Postby crestor » Mon May 27, 2013 6:54 am

bp shinners wrote:
PotenC wrote:Do you have any advice for the RC section? I did PrepTest 58 today and it has the been the first time in a long while that my score dipped below a 170, since I missed a whopping 7 questions on the RC section. I've read that RC section has gotten more difficult over the past couple of years, and it has kind of destroyed my confidence.


People always say this, and I just don't see it. RC has changed, for sure, but I don't think it's become more difficult. To me, it's actually easier now for three reasons:
1) Comparative reading. You will have one of these passages. Most of my students find these passages easier than the other ones.
2) Fewer passages that are helped by specialized knowledge. Sure, it was great to get a passage on a topic with which you were familiar. But it sucked when everyone else was familiar with the topic and you weren't. Recently, I've been seeing more passages that are so esoteric/obscure that no one reading it really has a leg up. That evens the field.
3) Tighter answer choices. The questions have become LR-esque in how tight they are with the wording. This means that you should be better able to eliminate the incorrect answer and pick the correct answers based on strategies from LR, and be more certain of your answers than most people think you can be on RC.

Biggest change in strategy I can suggest is to approach each question as an LR question. Type it just as you would in that section. Most will be "Most Strongly Supported"-type questions (including the Main Point question, which should be viewed as a hybrid Main Point/Soft Must Be True ("Most Strongly Supported") question). There will be a smattering of Strengthen/Weaken/Parallel questions. Then a few Role and Organization questions. But use your LR strategies here.

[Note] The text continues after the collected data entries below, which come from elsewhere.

(* In every run of the algorithm described in the context in which at most $t$ processes crash, if a process does not crash during an invocation of $\mathsf{read}()$, then this invocation terminates.
   Context: Model. There are $n$ asynchronous processes $p_1,\dots,p_n$, of which up to $t<n/2$ may crash; a process runs its algorithm correctly until it crashes, and a process that never crashes is correct. Each ordered pair of processes is linked by a reliable (no loss, corruption, duplication or creation; every message sent to a correct process is eventually received), asynchronous, not necessarily FIFO channel. $p_w$ is the single writer, invoking writes sequentially; $v_0$ is the initial value. Each process invokes its operations sequentially. Messages: $\textsc{write}(b,v)$ with $b\in\{0,1\}$, which stands for the two types $\textsc{write0}(v)$ and $\textsc{write1}(v)$; $\textsc{read}()$; $\textsc{proceed}()$. Variables of $p_i$. These are: $history_i$ with $history_i[0]=v_0$; $w\_sync_i[1..n]$, initially all $0$; $r\_sync_i[1..n]$, initially all $0$. $\mathsf{write}(v)$ by $p_w$: $wsn\gets w\_sync_w[w]+1$; $w\_sync_w[w]\gets wsn$; $history_w[wsn]\gets v$. Send $\textsc{write}(wsn\bmod 2,v)$ to each $p_j$ with $w\_sync_w[j]=wsn-1$. Wait until at least $n-t$ indices $j$ have $w\_sync_w[j]=wsn$. Return. $\mathsf{read}()$ by $p_i$ (the writer may instead directly return $history_w[w\_sync_w[w]]$): $r\_sync_i[i]\gets r\_sync_i[i]+1$ and call the new value $rsn$. Send $\textsc{read}()$ to all $p_j$ with $j\ne i$. Wait until at least $n-t$ indices $j$ have $r\_sync_i[j]=rsn$. Let $sn\gets w\_sync_i[i]$. Wait until at least $n-t$ indices $j$ have $w\_sync_i[j]\ge sn$. Return $history_i[sn]$. On receipt of $\textsc{write}(b,v)$ from $p_j$ at $p_i$: Wait until $b=(w\_sync_i[j]+1)\bmod 2$. Let $wsn\gets w\_sync_i[j]+1$. If $wsn=w\_sync_i[i]+1$, then set $w\_sync_i[i]\gets wsn$ and $history_i[wsn]\gets v$, and send $\textsc{write}(wsn\bmod 2,v)$ to each $p_\ell$ with $w\_sync_i[\ell]=wsn-1$. Else, if $wsn<w\_sync_i[i]$, send $\textsc{write}((wsn+1)\bmod 2,history_i[wsn+1])$ to $p_j$. Finally set $w\_sync_i[j]\gets wsn$. On receipt of $\textsc{read}()$ from $p_j$ at $p_i$: Let $sn\gets w\_sync_i[i]$; wait until $w\_sync_i[j]\ge sn$; send $\textsc{proceed}()$ to $p_j$. On receipt of $\textsc{proceed}()$ from $p_j$ at $p_i$: $r\_sync_i[j]\gets r\_sync_i[j]+1$. Message handlers run concurrently; a waiting handler does not block the reception of other messages. *)

From mathcomp Require Import all_boot.
From Stdlib Require List.

Set Implicit Arguments.
Unset Strict Implicit.
Unset Printing Implicit Defensive.

Section Algo.

Variables (V : Type) (n : nat).

(* Message bodies: WRITE(b,v) (b = 0/1 stored as a nat), READ(), PROCEED(). *)
Inductive body := MWrite of nat & V | MRead | MProceed.

(* A message in transit, with a unique identifier (m_id, m_dst). *)
Record msg := Msg { m_id : nat; m_src : 'I_n; m_dst : 'I_n; m_body : body }.

(* A received message whose handler has not completed yet (it may be waiting).
   For READ() the value sn := w_sync_i[i] is fixed at receipt time. *)
Inductive hkind := HWrite of nat & V | HRead of nat | HProceed.
Record handler := Handler { h_id : nat; h_owner : 'I_n; h_from : 'I_n; h_kind : hkind }.

Inductive opstate :=
  | Idle
  | WWait of nat        (* write(v) waiting, with its wsn *)
  | RWait1 of nat       (* read() in its first wait, with its rsn *)
  | RWait2 of nat.      (* read() in its second wait, with its sn *)

Record lstate := LState {
  history : nat -> V;
  w_sync : 'I_n -> nat;
  r_sync : 'I_n -> nat;
  op : opstate }.

Record config := Config {
  loc : 'I_n -> lstate;
  crashed : 'I_n -> bool;
  transit : seq msg;
  pending : seq handler;
  fresh : nat }.
Theorem dilworth (P : {set T}) n : width_le P n -> exists f, chain_coloring P n f.
Proof.
have [N] := ubnP #|P|; elim: N P n => // N IH P n P_lt wP.
have [->|[a0 a0P]] := set_0Vmem P; first by exists (fun=> 0); split=> x; rewrite inE.
have [a aP a_max] := exists_maximal a0P.
have P'_lt : #|P :\ a| < N by move: P_lt; rewrite (cardsD1 a P) aP.
have [A0 /andP[A0P' A0_anti] wP'] := exists_max_antichain (P :\ a).
set w := #|A0| in wP'; have A0_card : #|A0| = w by [].
have [f f_col] := IH _ _ P'_lt wP'.
have w_le : w <= n by apply: wP A0_anti; apply: subset_trans A0P' (subsetDl _ _).
pose top := top_of_color P a w f.
have [/existsP[i top_a]|/existsPn tops_a] :=
  boolP [exists i : 'I_w, comparable_rel (top i) a].
- have top_in := top_of_color_in f_col A0P' A0_anti A0_card (ltn_ord i).
  have top_le_a : le (top i) a by case/orP: top_a => // /(a_max _ top_in).
  pose K := chain_below P a w f i.
  have PK_lt : #|P :\: K| < N.
    apply: leq_ltn_trans P'_lt; apply/subset_leq_card/subsetP => y.
    by rewrite !inE => /andP[/norP[-> _] ->].
  have [g g_col] := IH _ _ PK_lt
    (width_le_without_chain_below f_col wP' A0P' A0_anti A0_card (ltn_ord i)).
  exists (fun x => if x \in K then w.-1 else g x); apply: chain_coloring_widen w_le _.
  rewrite -[X in chain_coloring _ X _](prednK (leq_ltn_trans (leq0n i) (ltn_ord i))).
  exact: chain_coloring_extend (chain_below_chain f_col (ltn_ord i) top_le_a) g_col.
- have w_lt : w < n.
    apply: (width_gt_tops aP f_col A0P' A0_anti A0_card _ wP) => i i_lt.
    exact: (tops_a (Ordinal i_lt)).
  exists (fun x => if x \in [set a] then w else f x); apply: chain_coloring_widen w_lt _.
  apply: chain_coloring_extend => // x y; rewrite !inE => /eqP -> /eqP ->.
  by rewrite /comparable_rel le_refl.
Qed.

End Dilworth.

Section Graph.
Variables (T : eqType) (adj : T -> T -> Prop) (S : T -> Prop).

Lemma colorable_clique_size m l : colorable adj S m -> is_clique adj S l -> size l <= m.
Proof.
move=> [c [c_lt c_proper]] [l_uniq l_S l_adj].
have c_uniq : uniq [seq c x | x <- l].
  rewrite map_inj_in_uniq // => x y xl yl cxy; apply/eqP; apply/negPn/negP => /eqP nxy.
  by apply: (c_proper x y (l_S x xl) (l_S y yl) _ cxy); apply: l_adj.
rewrite -(size_map c) -(size_iota 0 m); apply: uniq_leq_size c_uniq _ => _ /mapP[x xl ->].
by rewrite mem_iota add0n c_lt //; apply: l_S.
Qed.

Lemma clique_number_is_chromatic :
  (forall m, (forall l, is_clique adj S l -> size l <= m) -> colorable adj S m) ->
  forall n, clique_number_is adj S n <-> chromatic_number_is adj S n.
Proof.
move=> bound_colorable n; split.
  move=> [[l [l_clique <-]] clique_le]; split; first exact: bound_colorable.
  by move=> m m_col; apply: colorable_clique_size m_col l_clique.
move=> [n_col n_min]; have clique_le l : is_clique adj S l -> size l <= n.
  exact: colorable_clique_size n_col.
pose has_clique j := `[< exists l, is_clique adj S l /\ size l = j >].
have clique0 : exists j, has_clique j.
  by exists 0; apply/asboolP; exists [::]; split=> //; split=> // x; rewrite in_nil.
have clique_bound j : has_clique j -> j <= n by move=> /asboolP[l [/clique_le + <-]].
have [_ /asboolP[l [l_clique <-]] l_max] := ex_maxnP clique0 clique_bound.
have max_le l' : is_clique adj S l' -> size l' <= size l.
  by move=> l'_clique; apply: l_max; apply/asboolP; exists l'.
suff <- : size l = n by split=> //; exists l.
by apply/eqP; rewrite eqn_leq clique_le //=; apply/n_min/bound_colorable.
Qed.

(* Via Dilworth's theorem: colour [x] by the chain of [I x] in a chain
   partition of the image of [S]. *)
Lemma incomparability_colorable (U : finType) (le : rel U) (I : T -> U) :
  reflexive le -> transitive le ->
  (forall x y, S x -> S y -> adj x y <-> ~~ comparable_rel le (I x) (I y)) ->
  forall m, (forall l, is_clique adj S l -> size l <= m) -> colorable adj S m.
Proof.
move=> le_refl le_trans adj_incomparable m clique_le.
have [[x0 _]|S0] := pselect (exists x, S x); last first.
  by exists (fun=> 0); split=> [x|x y] Sx; case: S0; exists x.
pose P := [set u | `[< exists2 x, S x & I x = u >]].
have [pre pre_spec] : exists pre : U -> T, forall u, u \in P -> S (pre u) /\ I (pre u) = u.
  apply: (@fin_all_exists U (fun=> T) (fun u x => u \in P -> S x /\ I x = u)) => u.
  case: (boolP (u \in P)); last by exists x0.
  by rewrite inE => /asboolP[x Sx <-]; exists x.
have width_P : width_le le P m.
  move=> A AP /antichainP A_anti.
  have A_pre u : u \in enum A -> S (pre u) /\ I (pre u) = u.
    by rewrite mem_enum => /(subsetP AP)/pre_spec.
  rewrite cardE -(size_map pre); apply: clique_le; split.
  - rewrite map_inj_in_uniq ?enum_uniq // => u v /A_pre[_ Iu] /A_pre[_ Iv] puv.
    by rewrite -Iu puv Iv.
  - by move=> _ /mapP[u /A_pre[Su _] ->].
  - move=> _ _ /mapP[u uA ->] /mapP[v vA ->] neq.
    have [Su Iu] := A_pre u uA; have [Sv Iv] := A_pre v vA.
    apply/(adj_incomparable _ _ Su Sv); rewrite Iu Iv.
    move: uA vA; rewrite !mem_enum => uA vA.
    by apply: A_anti => //; apply/eqP => euv; apply: neq; rewrite euv.
have [f [f_lt f_chain]] := dilworth le_refl le_trans width_P.
have IP x : S x -> I x \in P by move=> Sx; rewrite inE; apply/asboolP; exists x.
exists (fun x => f (I x)); split=> [x /IP /f_lt // | x y Sx Sy /adj_incomparable].
by move=> /(_ Sx Sy) /negP + fxy; apply; apply: f_chain; rewrite ?IP.
Qed.
Theorem theorem4p1 (R : realType) (V : finType) (E : {set {set V}}) :
  cover E = [set: V] ->
  exists r : {set (('I_#|E| * 'I_(\max_(e in E) #|e|)) *
                   ('I_#|E| * 'I_(\max_(e in E) #|e|)))%type} ->
             {set (('I_#|E| * 'I_(\max_(e in E) #|e|)) *
                   ('I_#|E| * 'I_(\max_(e in E) #|e|)))%type},
    is_rule (Bscen #|E| (\max_(e in E) #|e|)) (Bscen #|E| (\max_(e in E) #|e|)) r /\
    cond_scenario R (Hypergraph [set: V] E)
      (game (Bscen #|E| (\max_(e in E) #|e|)) (Bscen #|E| (\max_(e in E) #|e|)) r).
Proof.
move=> coverE; set d := \max_(e in E) #|e|.
have in_cover u : exists2 e, e \in E & u \in e.
  by apply/bigcupP; rewrite -/(cover E) coverE inE.
have card_le e : e \in E -> #|e| <= d by exact: leq_bigmax_cond.
have d_gt0 (u : V) : 0 < d.
  by have [e eE ue] := in_cover u; apply: leq_trans (card_le e eE); apply/card_gt0P; exists u.
have m_gt0 (u : V) : 0 < #|E| by have [e eE _] := in_cover u; apply/card_gt0P; exists e.
pose edge (x : 'I_#|E|) := enum_val x.
pose edge_of u := odflt (Ordinal (m_gt0 u)) [pick x | u \in edge x].
have edge_onto e : e \in E -> exists x, e = edge x.
  by move=> eE; exists (enum_rank_in eE e); rewrite /edge enum_rankK_in.
have mem_edge_of u : u \in edge (edge_of u).
  rewrite /edge_of; case: pickP => // none; have [e eE ue] := in_cover u.
  by have [x ex] := edge_onto e eE; move: (none x); rewrite -ex ue.
exists (rule edge (fun x => index_label (edge x) d_gt0)); split; first exact: rule_is_rule.
apply: (game_cond_scenario _ edge_onto mem_edge_of) => x; first exact: enum_valP.
exact/index_label_inj/card_le/enum_valP.
Qed.
(* Let $k\ge 1$ be an integer and let $G$ be a graph with $\mathrm{diam}(G)\le 2k+1$. Then $\mathrm{gp}(G)\ge \alpha_k(G)$.
   Context: All graphs are finite, simple and connected; $\mathrm{diam}(G)$ is the maximum distance between two vertices. A set $S$ of vertices is a $k$-packing if $d(u,v)>k$ for all distinct $u,v\in S$; $\alpha_k(G)$ is the maximum cardinality of a $k$-packing of $G$. A set of vertices is a general position set if no three of its vertices lie on a common geodesic (shortest path); $\mathrm{gp}(G)$ is the maximum cardinality of a general position set of $G$. *)

From mathcomp Require Import all_boot.
Set Implicit Arguments. Unset Strict Implicit. Unset Printing Implicit Defensive.

Definition simple_graph (T : finType) (e : rel T) : Prop :=
  symmetric e /\ irreflexive e.
Definition connected_graph (T : finType) (e : rel T) : Prop :=
  forall u v : T, connect e u v.

Section Graph.
Variables (T : finType) (e : rel T).

(* A walk from u to v with vertex sequence u :: p ; its length is size p. *)
Definition walk (u v : T) (p : seq T) : bool := path e u p && (last u p == v).

Definition has_walk_of_length (u v : T) (n : nat) : bool :=
  [exists t : n.-tuple T, walk u v t].

(* Distance: the least length of a walk from u to v (searched below #|T|,
   which is exact in a connected graph since shortest walks are paths). *)
Definition dist (u v : T) : nat :=
  find (has_walk_of_length u v) (iota 0 #|T|).

Definition geodesic (u v : T) (p : seq T) : bool :=
  walk u v p && (size p == dist u v).

(* x, y, z lie on a common geodesic (a shortest u-v walk, for some u, v);
   a geodesic from u to v has exactly dist u v edges, so it is a tuple. *)
Definition on_common_geodesic (x y z : T) : bool :=
  [exists u : T, exists v : T, exists t : (dist u v).-tuple T,
     [&& geodesic u v t, x \in u :: t, y \in u :: t & z \in u :: t]].

Definition gp_set (S : {set T}) : bool :=
  [forall x in S, forall y in S, forall z in S,
    [&& x != y, y != z & x != z] ==> ~~ on_common_geodesic x y z].

Definition k_packing (k : nat) (S : {set T}) : bool :=
  [forall u in S, forall v in S, (u != v) ==> (k < dist u v)].

Definition diam : nat := \max_(u : T) \max_(v : T) dist u v.

Definition gp_number : nat :=
  \max_(S : {set T} | gp_set S) #|S|.

Definition packing_number (k : nat) : nat :=
  \max_(S : {set T} | k_packing k S) #|S|.

End Graph.

From mathcomp Require Import all_boot.
From mathcomp Require Import zify.

(* Along a geodesic u = s_0, ..., s_n = v the distance between s_i and s_j is
   exactly |i - j|, since a shortcut would shorten the whole geodesic.  Three
   vertices of a k-packing lying on one geodesic therefore sit at positions in
   [0, n] with n <= diam <= 2k + 1 that pairwise differ by more than k, which
   is impossible. *)

Lemma three_spaced_points_absurd {k i j l : nat} :
  i <= 2 * k + 1 -> j <= 2 * k + 1 -> l <= 2 * k + 1 ->
  k < maxn i j - minn i j -> k < maxn j l - minn j l -> k < maxn i l - minn i l -> False.
Proof. lia. Qed.

Section Distance.
Variables (T : finType) (e : rel T).

Lemma dist_le_size (u v : T) (p : seq T) : walk e u v p -> dist e u v <= size p.
Proof.
move=> uv_p; rewrite leqNgt; apply/negP => lt_p_dist.
have : dist e u v <= #|T| by rewrite /dist -[X in _ <= X](size_iota 0) find_size.
move/(leq_trans lt_p_dist) => lt_p_T.
have := before_find 0 lt_p_dist; rewrite nth_iota // add0n => /negbT/negP; apply.
by apply/existsP; exists (in_tuple p).
Qed.

Lemma connect_dist_walk {u v : T} :
  connect e u v -> exists2 p, walk e u v p & size p = dist e u v.
Proof.
case/connectP => p0 u_p0 ->; case: (shortenP u_p0) => p u_p uniq_p _.
have lt_p_T : size p < #|T|.
  by rewrite cardE; apply: (uniq_leq_size uniq_p) => x _; rewrite mem_enum.
have has_walk : has (has_walk_of_length e u (last u p)) (iota 0 #|T|).
  apply/hasP; exists (size p); first by rewrite mem_iota.
  by apply/existsP; exists (in_tuple p); rewrite /walk u_p eqxx.
have := nth_find 0 has_walk; rewrite nth_iota ?add0n; last first.
  by move: has_walk; rewrite has_find size_iota.
by case/existsP => t uv_t; exists t; rewrite ?size_tuple.
Qed.

Lemma dist_triangle (a b c : T) :
  connected_graph e -> dist e a c <= dist e a b + dist e b c.
Proof.
move=> conn; have [p /andP [a_p /eqP ab_p] <-] := connect_dist_walk (conn a b).
have [q /andP [b_q /eqP bc_q] <-] := connect_dist_walk (conn b c).
rewrite -size_cat; apply: dist_le_size.
by rewrite /walk cat_path a_p ab_p b_q last_cat ab_p bc_q eqxx.
Qed.

Lemma dist_path_prefix (x : T) (p : seq T) (j : nat) :
  path e x p -> j <= size p -> dist e x (nth x (x :: p) j) <= j.
Proof.
move=> x_p le_j_p; rewrite -{2}(size_takel le_j_p); apply: dist_le_size.
rewrite /walk take_path // (last_nth x) size_takel //.
by case: j le_j_p => //= j lt_j_p; rewrite nth_take.
Qed.

Lemma dist_path_nth (x : T) (p : seq T) (i j : nat) :
  path e x p -> i <= j -> j <= size p ->
  dist e (nth x (x :: p) i) (nth x (x :: p) j) <= j - i.
Proof.
elim: i x p j => [|i IH] x p j x_p le_ij le_j_p; first by rewrite subn0 dist_path_prefix.
case: p x_p le_j_p => [|y p] /= y_p le_j_p; first by case: j le_ij le_j_p.
case/andP: y_p => _ y_p; case: j le_ij le_j_p => // j le_ij le_j_p /=.
by rewrite subSS !(set_nth_default y x) /=; [apply: IH|..]; lia.
Qed.

Lemma geodesic_dist_nth {u v : T} {t : seq T} {i j : nat} :
  connected_graph e -> geodesic e u v t -> i <= j -> j <= size t ->
  dist e (nth u (u :: t) i) (nth u (u :: t) j) = j - i.
Proof.
move=> conn /andP [/andP [u_t /eqP last_t] /eqP size_t] le_ij le_j_t.
set a := nth u (u :: t) i; set c := nth u (u :: t) j.
apply/eqP; rewrite eqn_leq dist_path_nth //=.
have ua : dist e u a <= i by apply: dist_path_prefix; lia.
have cv : dist e c v <= size t - j.
  by rewrite -last_t (last_nth u) dist_path_nth.
have := dist_triangle u a v conn; have := dist_triangle a c v conn; lia.
Qed.

Lemma dist_le_diam (a b : T) : dist e a b <= diam e.
Proof. exact: leq_trans (leq_bigmax b) (leq_bigmax (F := fun a => \max_v dist e a v) a). Qed.

Lemma packing_geodesic_index_gap (k : nat) (S : {set T}) (u v : T) (t : seq T) (a b : T) :
  connected_graph e -> k_packing e k S -> geodesic e u v t ->
  a \in S -> b \in S -> a \in u :: t -> b \in u :: t -> a != b ->
  k < maxn (index a (u :: t)) (index b (u :: t)) - minn (index a (u :: t)) (index b (u :: t)).
Proof.
move=> conn packS geo; set s := u :: t.
wlog le_ab : a b / index a s <= index b s => [sym|].
  move=> Sa Sb sa sb neq_ab; case/orP: (leq_total (index a s) (index b s)) => le.
    exact: sym.
  by rewrite maxnC minnC; apply: sym; rewrite // eq_sym.
move=> Sa Sb sa sb neq_ab.
rewrite (maxn_idPr le_ab) (minn_idPl le_ab) -(geodesic_dist_nth conn geo le_ab).
  rewrite !nth_index //.
  by move/forall_inP: packS => /(_ a Sa) /forall_inP /(_ b Sb) /implyP; apply.
by rewrite -ltnS -[(size t).+1]/(size s) index_mem.
Qed.

Lemma packing_gp_set (k : nat) (S : {set T}) :
  connected_graph e -> diam e <= 2 * k + 1 -> k_packing e k S -> gp_set e S.
Proof.
move=> conn diam_le packS.
apply/forall_inP => x Sx; apply/forall_inP => y Sy; apply/forall_inP => z Sz.
apply/implyP => /and3P [neq_xy neq_yz neq_xz].
apply/negP => /existsP [u /existsP [v /existsP [t /and4P [geo sx sy sz]]]].
have size_t : size t <= 2 * k + 1.
  by case/andP: (geo) => _ /eqP ->; apply: leq_trans (dist_le_diam u v) diam_le.
have index_le a : a \in u :: t -> index a (u :: t) <= 2 * k + 1.
  by move=> sa; rewrite (leq_trans _ size_t) // -ltnS -[(size t).+1]/(size (u :: t)) index_mem.
have gap a b := @packing_geodesic_index_gap k S u v t a b conn packS geo.
by apply: (three_spaced_points_absurd (index_le x sx) (index_le y sy) (index_le z sz));
  apply: gap.
Qed.

End Distance.

Theorem corollary4p2 (T : finType) (e : rel T) (k : nat) :
  simple_graph e -> connected_graph e -> 1 <= k ->
  diam e <= 2 * k + 1 ->
  packing_number e k <= gp_number e.
Proof.
move=> _ conn _ diam_le; apply/bigmax_leqP => S packS.
by apply: leq_bigmax_cond; apply: packing_gp_set packS.
Qed.
Theorem mainTheorem5 (R : realType) (dsp : measure_display) (T : measurableType dsp)
  (P : probability T R) (xi : nat -> nat -> T -> nat) (d : nat) (m : R)
  (hd : (2 <= d)%N)
  (hmeas : forall n i k, measurable [set t | xi n i t = k])
  (hindep : mutually_independent_nat P (fun j => xi j.1 j.2))
  (hident : forall n i k, P [set t | xi n i t = k] = P [set t | xi 0%N 0%N t = k])
  (hsupp : P [set t | (xi 0%N 0%N t <= d)%N] = 1%E)
  (hmean : m = \sum_(k < d.+1) k%:R * fine (P [set t | xi 0%N 0%N t = k]))
  (hm : 1 < m) :
  let a := 8 * m / (m - 1) in
  forall (r n : nat), (0 < r)%N ->
    (P [set t | (5 * a * d%:R * r%:R < (GW_Z xi n t)%:R / m ^+ n)%R]
    <= (expR (- ((ln 3 - 1) * r%:R)) + expR (- ((2 / 3) * r%:R)))%:E)%E.
Proof.
move=> a r n r_gt0.
rewrite prE; last first.
  exact: (measurable_nat_pred (fun j => 5 * a * d%:R * r%:R < j%:R / m ^+ n)
    (measurable_Z hmeas n)).
rewrite lee_fin; apply: le_trans (W_tail_le hmeas hindep hident hsupp hmean n hm _ r_gt0) _.
  exact: leq_trans hd.
by rewrite lerDl expR_ge0.
Qed.
Lemma nsum_head_deriv_one c rest z m : c * z <> RtoC 1 ->
  nsum_head_deriv c 1 rest z m =
  c / (1 - c * z) * (nsum (scale_head (c * z) rest) m - pow_n (c * z) (pred m) * nsum rest m).
Proof.
  intros Hx.
  assert (H1 : 1 - c * z <> RtoC 0)
    by (intro E; apply Hx; rewrite <- (Cplus_0_l (c * z)), <- E; ring).
  assert (E : nsum_head_deriv c 1 rest z m = c * sum_n (fun n => if (0 <? n)%nat
                then pow_n (c * z) (pred n) * nsum rest n else RtoC 0) (pred m)).
  { unfold nsum_head_deriv. rewrite <- (sum_n_mult_l (K:=C_Ring)). apply sum_n_m_ext. intros n.
    destruct (0 <? n)%nat eqn:En; [|Cfold; ring].
    apply Nat.ltb_lt in En. destruct n as [|n]; [lia|]. simpl pred.
    pose proof (RtoC_INR_neq0 (S n) En).
    rewrite pow_n_Cmult, pow_n_S, pow_n_S. change (pow_n (RtoC (INR (S n))) 0) with (RtoC 1).
    Cfold. field. auto. }
  rewrite E. destruct m as [|m].
  - simpl pred. rewrite sum_O. destruct rest as [|[b k] r]; simpl; [|rewrite !sum_O]; simpl; Cfold;
      field; auto.
  - simpl pred. rewrite <- sum_n_geom_nsum. field. auto.
Qed.

Lemma nsum_with_snoc_geom pre a k x rest M : x <> RtoC 0 ->
  nsum_with (pre ++ [(a, k)]) (fun m => pow_n x (pred m) * nsum rest m) M
  = / x * nsum (pre ++ (a * x, k) :: rest) M.
Proof.
  intros Hx. rewrite nsum_with_app, nsum_app, <- nsum_with_scal. apply nsum_with_ext. intros m.
  simpl. rewrite <- (sum_n_mult_l (K:=C_Ring)). apply sum_n_m_ext. intros n.
  destruct (0 <? n)%nat eqn:En; [|Cfold; ring].
  apply Nat.ltb_lt in En. destruct n as [|n]; [lia|]. simpl pred.
  pose proof (pow_n_neq0 (RtoC (INR (S n))) k (RtoC_INR_neq0 (S n) En)).
  rewrite pow_n_Cmult, (pow_n_S x n). Cfold. field. auto.
Qed.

When reviewing passages, don't just find why your answer was wrong and the other answer was right. Figure out what you could have done to quickly answer that question. This usually involves making a new tag on the passage that you didn't the first time through. You don't want every detail that shows up in a question tagged in the passage, but you do want to at least have the paragraph in which it appears tagged so that you could have quickly found that answer choice.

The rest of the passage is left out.